I believe this may be a duplicate award - that is an award that then has the serial number applied to presumably replace a previous award.
With these types of duplicates, if there was an existing serial number it was ground down and then the relevant serial number was written by hand or by machine in place.
Or, as I think the case is here, the award was blank so the serial number was written in.
For reference: The History of the Order of the Red Star, by Michael Riley
I believe the serial number would indicate 1952 issue.
Anyone please correct me if I have made an erroneous assumption.
I like the award - these always look good IMO.
I'm assuming it was not too expensive either.
Nick
I don't think this is a duplicate with a grounded off serial number. To me this is a Type 6 variation 10.2 with for this type typical serial # plus makermark and is dated around 1950-1952. These stars usually are quite cheap.
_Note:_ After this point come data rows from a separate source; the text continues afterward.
(* There is a constant $C$, depending only on $h$ and $b_1,\dots,b_h$, with the following property. Let $A\subseteq\mathbb{Z}_{\ge0}$, $0<\delta<1$, $2\le\ell\le h$ and $n\ge0$. Let $\mathrm{R}$ be any one of $r,\ r^*,\ \rho,\ \rho^{(\delta\text{-small})}$. Then \[ \mathrm{R}_{A,\ell}(n)\le C\,\widehat{\mathrm{R}}_{A,\ell}(n)\prod_{j=2}^{\ell-1}\Big(\max_{0\le k\le n}\widehat{r}^{\,*}_{A,j}(k)\Big), \] where the empty product (for $\ell=2$) equals $1$.
   Context: Fix an integer $h\ge 2$ and positive integers $b_1,\dots,b_h$, not necessarily distinct, with $\gcd(b_1,\dots,b_h)=1$. Let $A\subseteq\mathbb{Z}_{\ge0}$, $1\le\ell\le h$ and $n\ge0$ be an integer. Representation functions: - $r_{A,\ell}(n)$ counts the tuples $(k_1,\dots,k_\ell)\in A^\ell$ with $b_1k_1+\cdots+b_\ell k_\ell=n$. - $\rho_{A,\ell}(n)$ counts those tuples in which the $k_i$ are pairwise distinct (''exact'' solutions). - For $0<\delta<1$, $\rho^{(\delta\text{-small})}_{A,\ell}(n)$ counts exact solutions with $k_j<n^\delta$ for some $j$. - $r^*_{A,\ell}(n)$ is the maximum, over index choices $1\le i_1<\cdots<i_\ell\le h$, of the number of $(k_1,\dots,k_\ell)\in A^\ell$ with $b_{i_1}k_1+\cdots+b_{i_\ell}k_\ell=n$. Disjoint families: the support of a solution tuple is the set $\{k_1,\dots,k_\ell\}$. A family of solutions is disjoint if their supports are pairwise disjoint. For each of the counting functions $\mathrm{R}$ above, $\widehat{\mathrm{R}}_{A,\ell}(n)$ denotes the maximum cardinality of a disjoint family of solutions among those counted by $\mathrm{R}_{A,\ell}(n)$. For the starred function, $\widehat{r}^{\,*}_{A,\ell}(n)$ is the maximum over index choices $i_1<\cdots<i_\ell$ of the maximum cardinality of a disjoint family of solutions in $A^\ell$ of $b_{i_1}k_1+\cdots+b_{i_\ell}k_\ell=n$. *)

From mathcomp Require Import all_boot all_order all_algebra.
From mathcomp Require Import reals exp.
Set Implicit Arguments. Unset Strict Implicit. Unset Printing Implicit Defensive.
Import Order.TTheory GRing.Theory Num.Theory.

(* Indexing convention: b_1,...,b_h of the paper are b 0, ..., b (h-1).
   A solution tuple (k_1,...,k_l) is a finite function 'I_l -> 'I_n.+1
   (every k_i in a solution of c_1 k_1 + ... + c_l k_l = n with all c_i >= 1
   satisfies k_i <= n, so nothing is lost). *)

Definition tup (l n : nat) := {ffun 'I_l -> 'I_n.+1}.

Definition sols (A : pred nat) (l : nat) (c : 'I_l -> nat) (n : nat) : {set tup l n} :=
  [set k : tup l n | [forall i, A (k i)] && ((\sum_(i < l) c i * k i)%N == n)].

Definition exact_sols (A : pred nat) (l : nat) (c : 'I_l -> nat) (n : nat) : {set tup l n} :=
  [set k in sols A c n | injectiveb k].

Definition small_sols (R : realType) (delta : R) (A : pred nat) (l : nat)
    (c : 'I_l -> nat) (n : nat) : {set tup l n} :=
  [set k in exact_sols A c n | [exists j, ((k j)%:R < powR (n%:R) delta)%R]].

Definition supp (l n : nat) (k : tup l n) : {set 'I_n.+1} := [set k i | i in 'I_l].

Definition disjoint_fam (l n : nat) (F : {set tup l n}) : bool :=
  [forall k1 in F, forall k2 in F, (k1 != k2) ==> [disjoint supp k1 & supp k2]].

Definition hat (l n : nat) (S : {set tup l n}) : nat :=
  \max_(F : {set tup l n} | (F \subset S) && disjoint_fam F) #|F|.

Definition incr_choice (l h : nat) (s : {ffun 'I_l -> 'I_h}) : bool :=
  [forall i : 'I_l, forall j : 'I_l, (i < j)%N ==> (s i < s j)%N].

Definition r_fun (b : nat -> nat) (A : pred nat) (l n : nat) : nat :=
  #|sols A (fun i : 'I_l => b i) n|.
Definition r_hat (b : nat -> nat) (A : pred nat) (l n : nat) : nat :=
  hat (sols A (fun i : 'I_l => b i) n).

Definition rho_fun (b : nat -> nat) (A : pred nat) (l n : nat) : nat :=
  #|exact_sols A (fun i : 'I_l => b i) n|.
Definition rho_hat (b : nat -> nat) (A : pred nat) (l n : nat) : nat :=
  hat (exact_sols A (fun i : 'I_l => b i) n).

Definition rho_small (R : realType) (delta : R) (b : nat -> nat) (A : pred nat)
    (l n : nat) : nat :=
  #|small_sols delta A (fun i : 'I_l => b i) n|.
Definition rho_small_hat (R : realType) (delta : R) (b : nat -> nat) (A : pred nat)
    (l n : nat) : nat :=
  hat (small_sols delta A (fun i : 'I_l => b i) n).

Definition rstar (h : nat) (b : nat -> nat) (A : pred nat) (l n : nat) : nat :=
  \max_(s : {ffun 'I_l -> 'I_h} | incr_choice s) #|sols A (fun i => b (s i)) n|.
Definition rstar_hat (h : nat) (b : nat -> nat) (A : pred nat) (l n : nat) : nat :=
  \max_(s : {ffun 'I_l -> 'I_h} | incr_choice s) hat (sols A (fun i => b (s i)) n).

Definition prod_factor (h : nat) (b : nat -> nat) (A : pred nat) (l n : nat) : nat :=
  \prod_(2 <= j < l) \max_(k < n.+1) rstar_hat h b A j k.

From mathcomp Require Import all_boot all_order all_algebra.
From mathcomp Require Import reals exp zify.
Set Implicit Arguments. Unset Strict Implicit. Unset Printing Implicit Defensive.

(* Let F be a largest disjoint family in a set S of solutions and U the union of
   the supports of F, so #|U| <= l * hat S.  By maximality every solution in S
   meets U, i.e. has a coordinate k_i = x with x in U.  Fixing k_i = x leaves an
   equation in l - 1 unknowns whose coefficients are again an increasing choice
   of the b_j; by induction on l it has at most
   h^(2(l-1)) * max_k rhat^*_(l-1)(k) * prod_(j=2)^(l-2) max_k rhat^*_j(k)
   solutions (the hat of the full solution set is bounded by that maximum,
   which is where the new factor of the product comes from).  Summing over the
   l * #|U| <= l^2 * hat S pairs (i, x) gives the bound with C = h^(2h) for every
   subset S of the solutions, hence for r, r^*, rho and rho^(delta-small). *)

Lemma card_bigcup_le (I T : finType) (P : pred I) (A : I -> {set T}) :
  #|\bigcup_(i | P i) A i| <= \sum_(i | P i) #|A i|.
Proof.
apply: (big_ind2 (fun (X : {set T}) n => #|X| <= n)) => [|X1 n1 X2 n2 le1 le2|//].
  by rewrite cards0.
exact: leq_trans (leq_card_setU X1 X2).1 (leq_add le1 le2).
Qed.

Section DisjointFamilies.
Variables (l n : nat).
Implicit Types (S F : {set tup l n}) (t : tup l n).

Lemma hat_attained S :
  {F : {set tup l n} | (F \subset S) && disjoint_fam F & hat S = #|F|}.
Proof.
rewrite /hat; have [|F HF ->] := @eq_bigmax_cond _
  (fun F : {set tup l n} => (F \subset S) && disjoint_fam F) (fun F => #|F|).
  apply/card_gt0P; exists set0; rewrite unfold_in /= sub0set /=.
  by apply/forall_inP => k1; rewrite inE.
by exists F.
Qed.

Lemma leq_card_hat S F : F \subset S -> disjoint_fam F -> #|F| <= hat S.
Proof. by move=> FS Fd; apply: (leq_bigmax_cond F); rewrite FS. Qed.

Lemma disjoint_famU1 F t :
  disjoint_fam F -> [disjoint supp t & \bigcup_(f in F) supp f] ->
  disjoint_fam (t |: F).
Proof.
move=> /forall_inP Fd dis.
have suppF f : f \in F -> supp f \subset \bigcup_(g in F) supp g.
  by move=> fF; apply/subsetP => y yf; apply/bigcupP; exists f.
apply/forall_inP => k1 /setU1P[->|k1F]; apply/forall_inP => k2 /setU1P[->|k2F];
  apply/implyP => ne.
- by rewrite eqxx in ne.
- exact: disjointWr (suppF k2 k2F) dis.
- by rewrite disjoint_sym; apply: disjointWr (suppF k1 k1F) dis.
- by move/forall_inP: (Fd k1 k1F) => /(_ k2 k2F) /implyP; apply.
Qed.

End DisjointFamilies.

Lemma hat_cover l n (S : {set tup l.+1 n}) :
  exists2 U : {set 'I_n.+1}, #|U| <= l.+1 * hat S &
    forall t, t \in S -> exists i, t i \in U.
Proof.
have [F /andP[FS Fd] hatF] := hat_attained S.
exists (\bigcup_(f in F) supp f).
  apply: leq_trans (card_bigcup_le _ _) _.
  rewrite hatF mulnC -sum_nat_const; apply: leq_sum => f _.
  by apply: leq_trans (leq_imset_card _ _) _; rewrite card_ord.
move=> t tS; case: (boolP (supp t :&: \bigcup_(f in F) supp f == set0)); last first.
  by case/set0Pn=> y; rewrite inE => /andP[/imsetP[i _ ->] yU]; exists i.
rewrite setI_eq0 => dis; exfalso.
have t0 : t ord0 \in supp t by apply/imsetP; exists ord0.
have tF : t \notin F.
  apply/negP => tF; move: (disjointFr dis t0).
  by move/bigcupP; apply; exists t.
have := @leq_card_hat _ _ S (t |: F).
rewrite subUset sub1set tS FS disjoint_famU1 // => /(_ isT isT).
by rewrite cardsU1 tF hatF ltnn.
Qed.

Lemma card_le_hat_fibres l n (S : {set tup l.+1 n}) (B : nat) :
  (forall i x, #|[set t in S | t i == x]| <= B) ->
  #|S| <= l.+1 * hat S * (l.+1 * B).
Proof.
move=> fibreB; have [U cardU coverU] := hat_cover S.
have cover : S \subset \bigcup_(x in U) \bigcup_(i < l.+1) [set t in S | t i == x].
  apply/subsetP => t tS; have [i tiU] := coverU t tS.
  apply/bigcupP; exists (t i) => //; apply/bigcupP; exists i => //.
  by rewrite inE tS eqxx.
apply: leq_trans (subset_leq_card cover) _.
apply: leq_trans (card_bigcup_le _ _) _.
apply: leq_trans (_ : \sum_(x in U) (l.+1 * B) <= _); last first.
  by rewrite sum_nat_const leq_mul.
apply: leq_sum => x _; apply: leq_trans (card_bigcup_le _ _) _.
by rewrite -[l.+1 in X in _ <= X]card_ord -sum_nat_const leq_sum.
Qed.

(* Since every c_j >= 1, the other unknowns of a solution with k_i = x are at
   most n - c_i x, so they form a tuple of type tup l (n - c_i x). *)
Lemma card_sols_fibre_le l n (A : pred nat) (c : 'I_l.+1 -> nat) i x :
  (forall j, 0 < c j) ->
  #|[set t in sols A c n | t i == x]| <=
  #|sols A (fun j : 'I_l => c (lift i j)) (n - c i * x)|.
Proof.
move=> cpos; set m := n - c i * x; set X := [set t in sols A c n | t i == x].
have restr t : t \in X ->
    \sum_(j < l) c (lift i j) * t (lift i j) = m /\ forall j, t (lift i j) <= m.
  rewrite !inE => /andP[/andP[_ /eqP sum_t] /eqP ti].
  have sum_rest : \sum_(j < l) c (lift i j) * t (lift i j) = m.
    move: sum_t; rewrite /m -ti (bigD1_ord i (P := predT)) //=.
    move: (\sum_(j < l) _) => s; lia.
  split=> // j; rewrite -sum_rest (bigD1 j) //=.
  exact: leq_trans (leq_pmull _ (cpos _)) (leq_addr _ _).
pose f (t : tup l.+1 n) := [ffun j : 'I_l => (inord (t (lift i j)) : 'I_m.+1)].
have fE t : t \in X -> forall j, (f t j : nat) = t (lift i j).
  by move=> tX j; rewrite ffunE inordK // ltnS; case: (restr t tX) => _ ->.
rewrite -(card_in_imset (f := f)).
  apply/subset_leq_card/subsetP => _ /imsetP[t tX ->].
  rewrite inE; apply/andP; split.
    apply/forallP => j; rewrite fE //.
    by move: tX; rewrite !inE => /andP[/andP[/forallP Aj _] _].
  apply/eqP; apply: etrans (proj1 (restr t tX)).
  by apply: eq_bigr => j _; rewrite fE.
move=> t1 t2 t1X t2X f12; apply/ffunP => k.
have [j ->|->] := unliftP i k.
  by apply/val_inj; rewrite /= -(fE t1 t1X) -(fE t2 t2X) f12.
by move: t1X t2X; rewrite !inE => /andP[_ /eqP ->] /andP[_ /eqP ->].
Qed.

Lemma card_sols1_le1 (A : pred nat) (c : 'I_1 -> nat) n :
  0 < c ord0 -> #|sols A c n| <= 1.
Proof.
move=> cpos; apply/card_le1_eqP => t1 t2; rewrite !inE !big_ord1.
move=> /andP[_ /eqP e1] /andP[_ /eqP e2]; apply/ffunP => i; rewrite (ord1 i).
by apply/val_inj/eqP; rewrite /= -(eqn_pmul2l cpos) e1 e2.
Qed.

Lemma sols_ext (A : pred nat) l (c1 c2 : 'I_l -> nat) n :
  c1 =1 c2 -> sols A c1 n = sols A c2 n.
Proof.
move=> c12; apply/setP => t; rewrite !inE; congr (_ && (_ == _)).
by apply: eq_bigr => i _; rewrite c12.
Qed.

Lemma incr_choice_lift h l (s : {ffun 'I_l.+1 -> 'I_h}) (i : 'I_l.+1) :
  incr_choice s -> incr_choice [ffun j : 'I_l => s (lift i j)].
Proof.
move=> /forallP incr; apply/forallP => j1; apply/forallP => j2; apply/implyP => lt12.
rewrite !ffunE; move/forallP: (incr (lift i j1)) => /(_ (lift i j2)) /implyP; apply.
by rewrite /= ltnNge leq_bump2 -ltnNge.
Qed.

Lemma leq_bigmax_ord_widen (f : nat -> nat) m n : m <= n ->
  \max_(k < m.+1) f k <= \max_(k < n.+1) f k.
Proof.
move=> le_mn; apply/bigmax_leqP => k _.
exact: (@leq_bigmax _ (fun k : 'I_n.+1 => f k) (widen_ord (le_mn : m < n.+1) k)).
Qed.

Lemma leq_prod_factor h b A l m n : m <= n ->
  prod_factor h b A l m <= prod_factor h b A l n.
Proof. by move=> le_mn; apply: leq_prod => j _; apply: leq_bigmax_ord_widen. Qed.

Lemma hat_le_bigmax_rstar_hat h (b : nat -> nat) A l (s : {ffun 'I_l -> 'I_h}) n :
  incr_choice s ->
  hat (sols A (fun i => b (s i)) n) <= \max_(k < n.+1) rstar_hat h b A l k.
Proof.
move=> incr.
apply: leq_trans (@leq_bigmax _ (fun k : 'I_n.+1 => rstar_hat h b A l k) ord_max).
exact: (leq_bigmax_cond s).
Qed.

Section Bounds.
Variables (h : nat) (b : nat -> nat) (A : pred nat).
Hypothesis b_gt0 : forall i, i < h -> 0 < b i.

Lemma card_subset_sols_le l : l.+1 <= h ->
  (forall n (s : {ffun 'I_l -> 'I_h}), incr_choice s ->
     #|sols A (fun i => b (s i)) n| <= (h * h) ^ l * prod_factor h b A l.+1 n) ->
  forall n (s : {ffun 'I_l.+1 -> 'I_h}) (c : 'I_l.+1 -> nat) (S : {set tup l.+1 n}),
    incr_choice s -> c =1 (fun i => b (s i)) -> S \subset sols A c n ->
    #|S| <= (h * h) ^ l.+1 * hat S * prod_factor h b A l.+1 n.
Proof.
move=> lh IH n s c S incr cE SA.
have c_gt0 i : 0 < c i by rewrite cE b_gt0.
set B := (h * h) ^ l * prod_factor h b A l.+1 n.
have fibreB i x : #|[set t in S | t i == x]| <= B.
  apply: leq_trans (_ : #|[set t in sols A c n | t i == x]| <= _).
    apply/subset_leq_card/subsetP => t; rewrite inE => /andP[tS tx].
    by rewrite inE (subsetP SA t tS).
  apply: leq_trans (card_sols_fibre_le A i x c_gt0) _.
  rewrite (sols_ext A (c2 := fun j => b ([ffun j : 'I_l => s (lift i j)] j))); last first.
    by move=> j; rewrite ffunE cE.
  apply: leq_trans (IH _ _ (incr_choice_lift i incr)) _.
  by rewrite leq_mul2l leq_prod_factor ?orbT ?leq_subr.
apply: leq_trans (card_le_hat_fibres fibreB) _.
have ll_hh : l.+1 * l.+1 <= h * h by apply: leq_mul.
rewrite /B expnS; move: (hat S) (prod_factor _ _ _ _ _) ((h * h) ^ l) => a p k; nia.
Qed.

Lemma card_sols_incr_le l : l.+1 <= h ->
  forall n (s : {ffun 'I_l.+1 -> 'I_h}), incr_choice s ->
    #|sols A (fun i => b (s i)) n| <= (h * h) ^ l.+1 * prod_factor h b A l.+2 n.
Proof.
elim: l => [|l IH] lh n s incr.
  rewrite /prod_factor big_geq // muln1 expn1.
  apply: leq_trans (card_sols1_le1 _ _ (b_gt0 (ltn_ord _))) _.
  by rewrite muln_gt0 andbb.
apply: leq_trans (card_subset_sols_le lh (IH (ltnW lh)) incr (frefl _) (subxx _)) _.
rewrite /prod_factor (big_nat_recr _ _ _ (_ : 2 <= l.+2)) //= -mulnA leq_mul2l.
by rewrite mulnC leq_mul2l hat_le_bigmax_rstar_hat ?orbT.
Qed.

End Bounds.

Theorem mainTheorem9 (h : nat) (b : nat -> nat)
  (Hh : (2 <= h)%N)
  (Hb : forall i, (i < h)%N -> (0 < b i)%N)
  (Hgcd : \big[gcdn/0%N]_(i < h) b i = 1%N) :
  exists C : nat,
    forall (R : realType) (delta : R) (A : pred nat) (l n : nat),
      (0 < delta)%R -> (delta < 1)%R -> (2 <= l)%N -> (l <= h)%N ->
      [/\ (r_fun b A l n <= C * r_hat b A l n * prod_factor h b A l n)%N,
          (rstar h b A l n <= C * rstar_hat h b A l n * prod_factor h b A l n)%N,
          (rho_fun b A l n <= C * rho_hat b A l n * prod_factor h b A l n)%N
        & (rho_small delta b A l n <= C * rho_small_hat delta b A l n * prod_factor h b A l n)%N].
Proof.
exists ((h * h) ^ h) => R delta A [|[|l]] n // _ _ _ lh.
have bound := card_subset_sols_le (A := A) Hb lh (card_sols_incr_le A Hb (ltnW lh)).
have raise a p : (h * h) ^ l.+2 * a * p <= (h * h) ^ h * a * p.
  by rewrite !leq_mul // leq_pexp2l // muln_gt0 andbb (ltnW Hh).
pose c := fun i : 'I_l.+2 => b i.
pose s0 := [ffun i : 'I_l.+2 => widen_ord lh i].
have incr0 : incr_choice s0.
  by apply/forallP => i; apply/forallP => j; apply/implyP; rewrite !ffunE.
have b_s0 : c =1 (fun i => b (s0 i)) by move=> i; rewrite ffunE.
have exact_sub : exact_sols A c n \subset sols A c n.
  by apply/subsetP => t; rewrite inE => /andP[].
have small_sub : small_sols delta A c n \subset sols A c n.
  by apply: subset_trans exact_sub; apply/subsetP => t; rewrite inE => /andP[].
split.
- by apply: leq_trans (raise _ _); apply: bound incr0 b_s0 (subxx _).
- apply/bigmax_leqP => s incr; apply: leq_trans (raise _ _).
  apply: leq_trans (bound _ _ _ _ incr (frefl _) (subxx _)) _.
  by rewrite leq_mul2r leq_mul2l (leq_bigmax_cond s) ?orbT.
- by apply: leq_trans (raise _ _); apply: bound incr0 b_s0 exact_sub.
- by apply: leq_trans (raise _ _); apply: bound incr0 b_s0 small_sub.
Qed.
See: http://www.odysseus1.freeyellow.com/odysseus/rs.htm
Thank you Marcel - that is an excellent reference site.
I agree that this award does not look like it has had a serial number removed which was one thing I was somewhat confused about.
I think you are right on the money with the type.
Jose - As a comparison, my 1944 Red Star was £65. So this should be less money.
Nick
Yeah, these go for around $ 30, depending of course where you buy. In eastern Europe you could pay even less and in the US you can easily pay double.
Thank you all for the Help and the useful links you guys gave me!
Thank god I didn't really buy it for the price the seller was offering.
Now I wonder what his asking price was. Do you mind telling us?
The price he was offering was 51 British pounds (250 plns).
For the same price you have a nice wartime one.